━━ STORED DATA

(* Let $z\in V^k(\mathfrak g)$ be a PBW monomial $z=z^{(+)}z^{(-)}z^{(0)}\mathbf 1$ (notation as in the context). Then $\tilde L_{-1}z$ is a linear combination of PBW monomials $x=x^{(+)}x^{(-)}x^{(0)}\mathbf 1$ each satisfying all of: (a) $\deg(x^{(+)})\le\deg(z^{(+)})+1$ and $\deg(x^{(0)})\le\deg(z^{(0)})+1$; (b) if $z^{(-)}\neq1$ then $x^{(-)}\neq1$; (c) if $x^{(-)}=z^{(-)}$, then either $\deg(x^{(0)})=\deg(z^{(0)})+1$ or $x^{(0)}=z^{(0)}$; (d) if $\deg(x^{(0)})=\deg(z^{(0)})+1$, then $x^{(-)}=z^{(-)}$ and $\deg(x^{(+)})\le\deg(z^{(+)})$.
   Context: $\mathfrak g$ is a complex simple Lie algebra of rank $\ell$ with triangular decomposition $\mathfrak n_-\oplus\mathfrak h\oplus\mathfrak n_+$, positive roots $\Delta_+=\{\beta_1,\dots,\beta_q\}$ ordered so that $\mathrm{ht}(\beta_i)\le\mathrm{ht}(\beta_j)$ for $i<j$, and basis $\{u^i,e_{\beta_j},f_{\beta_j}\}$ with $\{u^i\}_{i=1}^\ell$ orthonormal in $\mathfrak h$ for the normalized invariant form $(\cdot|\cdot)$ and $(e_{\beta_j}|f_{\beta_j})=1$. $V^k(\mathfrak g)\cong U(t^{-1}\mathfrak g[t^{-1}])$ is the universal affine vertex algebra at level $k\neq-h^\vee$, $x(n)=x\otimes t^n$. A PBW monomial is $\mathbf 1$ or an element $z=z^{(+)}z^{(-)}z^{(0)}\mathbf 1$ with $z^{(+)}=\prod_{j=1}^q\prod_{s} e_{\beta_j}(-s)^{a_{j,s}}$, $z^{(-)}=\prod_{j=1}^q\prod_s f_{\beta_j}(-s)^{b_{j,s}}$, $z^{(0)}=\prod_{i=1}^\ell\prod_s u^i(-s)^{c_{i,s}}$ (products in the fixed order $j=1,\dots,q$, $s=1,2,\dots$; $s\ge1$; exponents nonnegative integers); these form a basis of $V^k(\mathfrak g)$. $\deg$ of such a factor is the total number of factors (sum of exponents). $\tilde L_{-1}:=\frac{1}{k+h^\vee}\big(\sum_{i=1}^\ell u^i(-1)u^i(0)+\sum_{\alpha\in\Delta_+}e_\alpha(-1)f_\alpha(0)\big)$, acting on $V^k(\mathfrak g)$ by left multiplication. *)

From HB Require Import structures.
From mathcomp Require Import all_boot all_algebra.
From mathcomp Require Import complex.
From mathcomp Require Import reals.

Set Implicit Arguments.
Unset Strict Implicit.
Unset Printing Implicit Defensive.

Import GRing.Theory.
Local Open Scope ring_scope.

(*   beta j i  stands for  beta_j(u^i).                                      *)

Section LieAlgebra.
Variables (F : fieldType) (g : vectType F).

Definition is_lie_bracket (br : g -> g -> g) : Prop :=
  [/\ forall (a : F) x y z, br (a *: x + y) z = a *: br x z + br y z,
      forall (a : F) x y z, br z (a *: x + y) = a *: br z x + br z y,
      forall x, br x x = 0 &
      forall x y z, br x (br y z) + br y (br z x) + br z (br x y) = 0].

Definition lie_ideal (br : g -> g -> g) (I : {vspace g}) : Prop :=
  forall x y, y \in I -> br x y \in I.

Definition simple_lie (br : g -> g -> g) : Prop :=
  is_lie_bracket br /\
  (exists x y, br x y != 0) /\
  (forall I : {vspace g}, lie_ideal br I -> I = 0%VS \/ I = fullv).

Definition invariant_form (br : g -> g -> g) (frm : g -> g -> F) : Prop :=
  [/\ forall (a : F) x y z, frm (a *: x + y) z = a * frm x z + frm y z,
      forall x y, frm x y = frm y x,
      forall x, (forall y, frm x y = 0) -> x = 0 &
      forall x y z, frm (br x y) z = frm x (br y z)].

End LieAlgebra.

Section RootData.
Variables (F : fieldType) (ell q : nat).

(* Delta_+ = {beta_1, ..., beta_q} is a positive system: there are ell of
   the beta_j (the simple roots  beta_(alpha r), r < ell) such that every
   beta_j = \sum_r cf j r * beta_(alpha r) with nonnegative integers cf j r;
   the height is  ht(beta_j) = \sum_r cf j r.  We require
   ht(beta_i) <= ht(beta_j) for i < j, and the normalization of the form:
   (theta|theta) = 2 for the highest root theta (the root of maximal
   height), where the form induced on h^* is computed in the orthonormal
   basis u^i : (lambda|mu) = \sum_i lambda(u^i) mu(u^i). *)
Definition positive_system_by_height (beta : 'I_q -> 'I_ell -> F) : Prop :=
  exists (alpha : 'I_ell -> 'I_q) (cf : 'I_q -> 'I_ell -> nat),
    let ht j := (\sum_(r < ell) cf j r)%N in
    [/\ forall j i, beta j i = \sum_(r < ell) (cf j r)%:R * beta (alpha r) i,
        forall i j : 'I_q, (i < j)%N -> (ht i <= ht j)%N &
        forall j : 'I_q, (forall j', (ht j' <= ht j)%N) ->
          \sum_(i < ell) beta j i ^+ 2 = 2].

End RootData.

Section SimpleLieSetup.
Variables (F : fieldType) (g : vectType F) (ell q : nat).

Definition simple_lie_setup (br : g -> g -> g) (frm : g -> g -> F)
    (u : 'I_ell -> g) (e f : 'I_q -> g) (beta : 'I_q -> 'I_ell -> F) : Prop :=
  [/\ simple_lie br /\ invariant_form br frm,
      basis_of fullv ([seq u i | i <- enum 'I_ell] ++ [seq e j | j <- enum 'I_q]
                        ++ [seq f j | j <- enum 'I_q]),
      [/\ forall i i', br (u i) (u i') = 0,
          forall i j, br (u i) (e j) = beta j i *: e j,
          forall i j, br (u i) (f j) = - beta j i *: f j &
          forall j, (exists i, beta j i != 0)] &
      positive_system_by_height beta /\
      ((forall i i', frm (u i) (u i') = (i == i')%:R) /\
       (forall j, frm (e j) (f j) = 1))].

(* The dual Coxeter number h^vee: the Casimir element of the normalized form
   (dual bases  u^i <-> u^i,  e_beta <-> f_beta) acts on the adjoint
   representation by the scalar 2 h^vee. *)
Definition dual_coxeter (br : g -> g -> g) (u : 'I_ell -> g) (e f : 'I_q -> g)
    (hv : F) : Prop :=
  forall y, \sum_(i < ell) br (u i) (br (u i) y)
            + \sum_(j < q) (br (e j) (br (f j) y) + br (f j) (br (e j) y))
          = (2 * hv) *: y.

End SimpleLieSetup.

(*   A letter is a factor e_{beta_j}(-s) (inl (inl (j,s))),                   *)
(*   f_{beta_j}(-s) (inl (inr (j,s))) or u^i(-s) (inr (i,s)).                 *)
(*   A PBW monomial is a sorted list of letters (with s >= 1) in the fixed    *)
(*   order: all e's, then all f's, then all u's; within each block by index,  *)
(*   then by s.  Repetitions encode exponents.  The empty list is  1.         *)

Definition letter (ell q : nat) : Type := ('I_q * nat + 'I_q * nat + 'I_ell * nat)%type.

━━━━
━━ STORED DATA

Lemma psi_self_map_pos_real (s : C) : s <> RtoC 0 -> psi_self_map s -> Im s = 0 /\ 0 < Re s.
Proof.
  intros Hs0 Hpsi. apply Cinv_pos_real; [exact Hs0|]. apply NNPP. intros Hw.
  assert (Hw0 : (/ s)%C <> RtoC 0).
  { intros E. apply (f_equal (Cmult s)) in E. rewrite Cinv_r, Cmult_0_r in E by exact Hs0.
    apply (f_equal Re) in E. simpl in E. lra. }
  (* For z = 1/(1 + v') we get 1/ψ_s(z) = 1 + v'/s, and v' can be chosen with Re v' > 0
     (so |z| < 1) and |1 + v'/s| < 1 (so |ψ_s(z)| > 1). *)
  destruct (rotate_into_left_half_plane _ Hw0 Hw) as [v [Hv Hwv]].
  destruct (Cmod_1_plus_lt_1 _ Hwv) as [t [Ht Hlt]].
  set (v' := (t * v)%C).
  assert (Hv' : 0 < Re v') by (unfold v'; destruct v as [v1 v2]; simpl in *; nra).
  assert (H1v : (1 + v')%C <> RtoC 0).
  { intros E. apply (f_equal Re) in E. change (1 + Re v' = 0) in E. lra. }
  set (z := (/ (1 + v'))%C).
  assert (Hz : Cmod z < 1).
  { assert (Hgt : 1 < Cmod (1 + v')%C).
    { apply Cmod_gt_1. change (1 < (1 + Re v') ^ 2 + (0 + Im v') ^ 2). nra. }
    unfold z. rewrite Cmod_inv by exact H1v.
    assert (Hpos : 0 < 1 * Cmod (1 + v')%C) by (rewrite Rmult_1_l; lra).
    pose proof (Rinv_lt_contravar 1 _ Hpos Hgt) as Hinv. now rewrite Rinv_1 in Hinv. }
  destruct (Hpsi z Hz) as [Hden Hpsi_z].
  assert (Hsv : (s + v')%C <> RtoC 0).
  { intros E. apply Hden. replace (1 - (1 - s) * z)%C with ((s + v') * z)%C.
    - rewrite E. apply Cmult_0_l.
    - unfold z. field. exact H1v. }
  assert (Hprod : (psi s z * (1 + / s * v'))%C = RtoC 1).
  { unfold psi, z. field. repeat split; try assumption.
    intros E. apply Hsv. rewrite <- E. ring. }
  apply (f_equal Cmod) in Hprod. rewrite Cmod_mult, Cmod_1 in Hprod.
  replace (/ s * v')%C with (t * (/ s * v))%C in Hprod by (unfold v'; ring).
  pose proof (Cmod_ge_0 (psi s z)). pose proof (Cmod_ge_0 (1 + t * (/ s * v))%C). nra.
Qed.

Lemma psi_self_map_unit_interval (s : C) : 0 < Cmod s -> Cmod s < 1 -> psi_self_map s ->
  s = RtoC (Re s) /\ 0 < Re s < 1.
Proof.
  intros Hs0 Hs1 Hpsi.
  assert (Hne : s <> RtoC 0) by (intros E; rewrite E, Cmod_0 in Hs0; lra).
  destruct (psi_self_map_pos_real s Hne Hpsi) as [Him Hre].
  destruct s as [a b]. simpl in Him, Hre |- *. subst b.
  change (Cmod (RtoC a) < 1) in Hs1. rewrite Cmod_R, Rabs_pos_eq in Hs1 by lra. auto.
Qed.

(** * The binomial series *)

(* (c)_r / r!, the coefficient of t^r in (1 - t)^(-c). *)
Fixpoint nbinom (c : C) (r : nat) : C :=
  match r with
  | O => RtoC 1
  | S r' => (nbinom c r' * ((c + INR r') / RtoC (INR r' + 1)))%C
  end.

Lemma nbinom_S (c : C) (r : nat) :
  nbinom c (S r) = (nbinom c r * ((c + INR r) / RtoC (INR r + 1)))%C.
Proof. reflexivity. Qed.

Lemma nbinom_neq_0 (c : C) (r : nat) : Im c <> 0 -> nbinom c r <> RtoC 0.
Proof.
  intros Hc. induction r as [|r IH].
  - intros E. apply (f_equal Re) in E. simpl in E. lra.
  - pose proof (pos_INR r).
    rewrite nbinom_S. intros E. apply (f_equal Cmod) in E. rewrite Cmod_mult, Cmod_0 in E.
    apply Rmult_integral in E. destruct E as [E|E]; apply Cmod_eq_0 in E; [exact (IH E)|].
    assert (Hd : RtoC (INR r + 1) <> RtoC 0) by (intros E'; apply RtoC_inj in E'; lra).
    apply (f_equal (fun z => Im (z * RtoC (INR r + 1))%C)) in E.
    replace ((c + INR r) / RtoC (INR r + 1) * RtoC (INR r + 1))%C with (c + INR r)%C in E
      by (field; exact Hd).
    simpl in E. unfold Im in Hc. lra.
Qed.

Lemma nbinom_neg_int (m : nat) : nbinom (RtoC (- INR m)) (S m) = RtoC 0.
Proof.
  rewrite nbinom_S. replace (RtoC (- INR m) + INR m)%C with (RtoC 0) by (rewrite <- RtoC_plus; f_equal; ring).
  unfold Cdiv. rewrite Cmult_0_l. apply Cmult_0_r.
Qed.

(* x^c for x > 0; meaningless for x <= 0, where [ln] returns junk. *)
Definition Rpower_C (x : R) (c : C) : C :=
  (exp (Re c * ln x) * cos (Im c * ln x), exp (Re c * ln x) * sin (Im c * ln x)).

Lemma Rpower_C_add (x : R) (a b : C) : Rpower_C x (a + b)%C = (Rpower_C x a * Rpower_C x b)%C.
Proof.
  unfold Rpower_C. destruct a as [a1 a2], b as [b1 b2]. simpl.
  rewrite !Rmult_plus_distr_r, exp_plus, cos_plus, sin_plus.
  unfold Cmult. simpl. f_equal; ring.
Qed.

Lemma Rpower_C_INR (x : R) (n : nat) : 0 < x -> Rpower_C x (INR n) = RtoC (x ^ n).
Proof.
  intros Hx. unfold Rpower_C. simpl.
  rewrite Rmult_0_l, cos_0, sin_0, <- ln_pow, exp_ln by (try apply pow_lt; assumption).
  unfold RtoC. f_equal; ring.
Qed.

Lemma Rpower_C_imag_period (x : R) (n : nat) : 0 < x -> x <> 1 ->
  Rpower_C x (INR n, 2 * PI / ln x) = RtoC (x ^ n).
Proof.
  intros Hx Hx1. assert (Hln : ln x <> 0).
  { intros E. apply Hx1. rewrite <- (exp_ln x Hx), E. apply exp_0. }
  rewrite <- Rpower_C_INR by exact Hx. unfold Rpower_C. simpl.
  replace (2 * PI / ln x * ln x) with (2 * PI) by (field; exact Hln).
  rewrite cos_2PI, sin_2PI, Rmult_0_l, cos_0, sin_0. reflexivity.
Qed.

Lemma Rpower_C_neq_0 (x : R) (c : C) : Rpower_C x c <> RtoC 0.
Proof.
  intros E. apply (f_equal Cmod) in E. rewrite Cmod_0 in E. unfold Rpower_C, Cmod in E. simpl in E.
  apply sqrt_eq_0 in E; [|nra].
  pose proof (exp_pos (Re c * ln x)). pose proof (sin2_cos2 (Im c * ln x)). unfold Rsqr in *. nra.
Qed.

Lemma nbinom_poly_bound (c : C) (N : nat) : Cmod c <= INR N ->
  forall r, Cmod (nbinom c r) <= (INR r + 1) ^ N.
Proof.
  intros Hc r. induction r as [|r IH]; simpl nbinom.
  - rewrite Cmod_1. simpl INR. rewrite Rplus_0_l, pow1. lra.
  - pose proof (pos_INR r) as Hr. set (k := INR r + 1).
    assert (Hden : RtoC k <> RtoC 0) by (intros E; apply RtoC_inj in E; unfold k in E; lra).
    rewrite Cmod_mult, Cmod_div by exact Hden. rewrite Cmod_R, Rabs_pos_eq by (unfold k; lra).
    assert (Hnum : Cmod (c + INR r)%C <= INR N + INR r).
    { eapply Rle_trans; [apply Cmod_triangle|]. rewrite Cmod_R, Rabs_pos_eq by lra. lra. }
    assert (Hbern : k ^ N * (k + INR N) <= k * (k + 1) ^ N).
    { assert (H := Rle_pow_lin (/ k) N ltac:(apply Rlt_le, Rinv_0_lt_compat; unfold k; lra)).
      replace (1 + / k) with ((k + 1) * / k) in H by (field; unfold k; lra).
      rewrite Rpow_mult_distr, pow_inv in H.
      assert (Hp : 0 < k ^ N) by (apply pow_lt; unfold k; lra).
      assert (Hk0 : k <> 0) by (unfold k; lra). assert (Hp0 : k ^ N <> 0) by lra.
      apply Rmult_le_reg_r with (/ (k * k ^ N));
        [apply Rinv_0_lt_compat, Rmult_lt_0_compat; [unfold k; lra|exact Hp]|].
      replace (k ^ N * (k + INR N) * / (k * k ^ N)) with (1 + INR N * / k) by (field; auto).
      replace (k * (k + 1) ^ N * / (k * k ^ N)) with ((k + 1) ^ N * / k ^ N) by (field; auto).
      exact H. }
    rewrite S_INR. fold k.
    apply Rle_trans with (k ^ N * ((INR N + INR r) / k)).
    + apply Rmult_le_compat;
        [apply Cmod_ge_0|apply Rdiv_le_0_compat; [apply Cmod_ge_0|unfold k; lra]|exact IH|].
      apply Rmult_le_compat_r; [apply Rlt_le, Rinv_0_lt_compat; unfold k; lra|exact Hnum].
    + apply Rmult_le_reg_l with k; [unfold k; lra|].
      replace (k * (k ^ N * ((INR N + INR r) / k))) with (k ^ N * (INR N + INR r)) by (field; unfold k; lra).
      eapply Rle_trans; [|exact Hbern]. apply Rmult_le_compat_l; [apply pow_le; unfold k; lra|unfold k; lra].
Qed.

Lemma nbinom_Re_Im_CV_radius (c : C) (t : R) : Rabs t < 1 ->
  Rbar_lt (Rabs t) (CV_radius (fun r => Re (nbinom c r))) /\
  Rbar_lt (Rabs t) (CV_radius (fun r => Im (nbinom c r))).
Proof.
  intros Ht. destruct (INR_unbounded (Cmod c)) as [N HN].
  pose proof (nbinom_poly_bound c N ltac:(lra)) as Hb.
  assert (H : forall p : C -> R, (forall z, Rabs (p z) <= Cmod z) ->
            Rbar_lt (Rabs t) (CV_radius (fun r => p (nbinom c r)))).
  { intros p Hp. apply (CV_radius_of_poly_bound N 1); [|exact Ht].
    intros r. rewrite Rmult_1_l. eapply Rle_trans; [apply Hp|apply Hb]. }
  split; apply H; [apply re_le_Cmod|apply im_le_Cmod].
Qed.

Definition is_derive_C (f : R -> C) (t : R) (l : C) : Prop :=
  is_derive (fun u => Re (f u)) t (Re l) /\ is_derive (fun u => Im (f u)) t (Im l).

━━━━
━━ STORED DATA

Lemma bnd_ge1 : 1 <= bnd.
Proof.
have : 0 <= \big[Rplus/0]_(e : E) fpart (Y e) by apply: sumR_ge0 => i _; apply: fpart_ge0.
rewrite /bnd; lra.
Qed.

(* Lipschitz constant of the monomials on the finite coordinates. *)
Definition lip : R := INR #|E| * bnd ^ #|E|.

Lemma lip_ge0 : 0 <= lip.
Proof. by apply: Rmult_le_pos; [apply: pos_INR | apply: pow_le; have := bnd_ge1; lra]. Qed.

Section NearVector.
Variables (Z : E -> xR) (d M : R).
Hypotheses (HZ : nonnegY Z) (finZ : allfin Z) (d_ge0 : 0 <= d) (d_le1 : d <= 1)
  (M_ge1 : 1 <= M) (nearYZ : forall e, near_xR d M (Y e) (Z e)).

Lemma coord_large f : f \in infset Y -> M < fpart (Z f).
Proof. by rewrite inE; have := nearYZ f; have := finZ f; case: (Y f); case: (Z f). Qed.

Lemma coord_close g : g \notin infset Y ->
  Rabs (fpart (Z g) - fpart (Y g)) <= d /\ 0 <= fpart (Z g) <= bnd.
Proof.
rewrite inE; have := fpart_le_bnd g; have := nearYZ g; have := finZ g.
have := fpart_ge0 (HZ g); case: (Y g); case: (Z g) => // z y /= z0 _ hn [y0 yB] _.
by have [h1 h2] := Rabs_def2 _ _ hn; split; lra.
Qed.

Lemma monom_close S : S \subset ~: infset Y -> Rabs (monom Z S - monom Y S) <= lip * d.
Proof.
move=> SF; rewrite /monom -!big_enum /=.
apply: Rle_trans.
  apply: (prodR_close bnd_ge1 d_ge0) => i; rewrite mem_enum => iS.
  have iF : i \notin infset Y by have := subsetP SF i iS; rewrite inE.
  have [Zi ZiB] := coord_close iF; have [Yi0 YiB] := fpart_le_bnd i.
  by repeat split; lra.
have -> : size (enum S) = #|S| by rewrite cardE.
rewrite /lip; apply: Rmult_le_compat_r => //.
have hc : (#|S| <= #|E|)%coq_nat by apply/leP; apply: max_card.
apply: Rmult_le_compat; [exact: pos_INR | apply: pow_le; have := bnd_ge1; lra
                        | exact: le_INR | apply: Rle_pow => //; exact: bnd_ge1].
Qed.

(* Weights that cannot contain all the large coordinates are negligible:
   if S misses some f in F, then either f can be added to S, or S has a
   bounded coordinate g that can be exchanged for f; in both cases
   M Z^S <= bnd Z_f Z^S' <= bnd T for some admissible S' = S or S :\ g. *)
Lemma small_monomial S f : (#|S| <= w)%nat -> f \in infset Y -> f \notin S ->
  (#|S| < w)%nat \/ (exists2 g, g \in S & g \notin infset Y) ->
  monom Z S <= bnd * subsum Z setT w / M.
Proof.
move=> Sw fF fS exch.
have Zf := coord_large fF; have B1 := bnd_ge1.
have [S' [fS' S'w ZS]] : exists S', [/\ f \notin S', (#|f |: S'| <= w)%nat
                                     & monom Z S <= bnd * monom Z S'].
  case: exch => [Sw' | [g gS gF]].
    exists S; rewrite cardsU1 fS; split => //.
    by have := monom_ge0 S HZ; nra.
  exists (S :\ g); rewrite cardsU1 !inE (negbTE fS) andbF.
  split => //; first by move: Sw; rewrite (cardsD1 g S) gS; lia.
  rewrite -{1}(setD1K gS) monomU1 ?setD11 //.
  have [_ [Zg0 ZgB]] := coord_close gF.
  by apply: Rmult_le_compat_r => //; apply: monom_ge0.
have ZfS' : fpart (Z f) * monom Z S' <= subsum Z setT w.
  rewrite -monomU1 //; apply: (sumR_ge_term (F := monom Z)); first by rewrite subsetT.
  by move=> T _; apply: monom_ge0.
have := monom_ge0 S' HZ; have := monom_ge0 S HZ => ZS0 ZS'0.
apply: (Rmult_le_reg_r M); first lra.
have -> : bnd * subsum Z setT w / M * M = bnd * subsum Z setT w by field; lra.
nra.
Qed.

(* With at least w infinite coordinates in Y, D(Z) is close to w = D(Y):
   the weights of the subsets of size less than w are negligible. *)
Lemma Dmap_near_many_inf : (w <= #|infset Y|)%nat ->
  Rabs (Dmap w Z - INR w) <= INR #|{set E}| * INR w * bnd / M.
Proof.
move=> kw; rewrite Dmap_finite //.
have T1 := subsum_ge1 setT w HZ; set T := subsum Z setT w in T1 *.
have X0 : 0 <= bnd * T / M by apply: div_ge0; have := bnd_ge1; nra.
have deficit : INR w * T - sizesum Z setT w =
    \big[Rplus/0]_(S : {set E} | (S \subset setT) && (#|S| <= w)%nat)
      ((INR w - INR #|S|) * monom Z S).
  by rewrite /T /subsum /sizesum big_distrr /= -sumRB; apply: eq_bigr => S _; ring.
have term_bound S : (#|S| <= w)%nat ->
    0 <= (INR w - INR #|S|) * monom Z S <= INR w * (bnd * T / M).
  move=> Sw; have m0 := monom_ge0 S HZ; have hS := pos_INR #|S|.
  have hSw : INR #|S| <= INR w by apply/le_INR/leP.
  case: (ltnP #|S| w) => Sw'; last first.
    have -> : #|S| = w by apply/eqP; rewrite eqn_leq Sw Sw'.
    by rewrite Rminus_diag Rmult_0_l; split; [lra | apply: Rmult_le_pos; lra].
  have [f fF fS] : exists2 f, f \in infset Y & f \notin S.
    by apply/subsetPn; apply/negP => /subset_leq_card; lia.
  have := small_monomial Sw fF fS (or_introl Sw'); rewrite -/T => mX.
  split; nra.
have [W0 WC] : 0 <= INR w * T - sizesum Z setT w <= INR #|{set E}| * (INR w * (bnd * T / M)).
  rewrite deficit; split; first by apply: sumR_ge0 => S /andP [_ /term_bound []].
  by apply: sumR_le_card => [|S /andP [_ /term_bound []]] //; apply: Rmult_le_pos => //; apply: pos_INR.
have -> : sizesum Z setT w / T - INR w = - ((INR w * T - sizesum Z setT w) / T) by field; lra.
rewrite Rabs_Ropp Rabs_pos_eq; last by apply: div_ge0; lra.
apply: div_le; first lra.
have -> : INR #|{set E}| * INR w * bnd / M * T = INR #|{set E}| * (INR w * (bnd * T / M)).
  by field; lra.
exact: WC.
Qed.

━━━━

After locating the line holding "((INR w - INR #|S|) * monom Z S)." above, output exactly that line and every line after it through the line holding "have -> : #|S|". Include nothing else.

EXERCISE OUTPUT
      ((INR w - INR #|S|) * monom Z S).
  by rewrite /T /subsum /sizesum big_distrr /= -sumRB; apply: eq_bigr => S _; ring.
have term_bound S : (#|S| <= w)%nat ->
    0 <= (INR w - INR #|S|) * monom Z S <= INR w * (bnd * T / M).
  move=> Sw; have m0 := monom_ge0 S HZ; have hS := pos_INR #|S|.
  have hSw : INR #|S| <= INR w by apply/le_INR/leP.
  case: (ltnP #|S| w) => Sw'; last first.
    have -> : #|S| = w by apply/eqP; rewrite eqn_leq Sw Sw'.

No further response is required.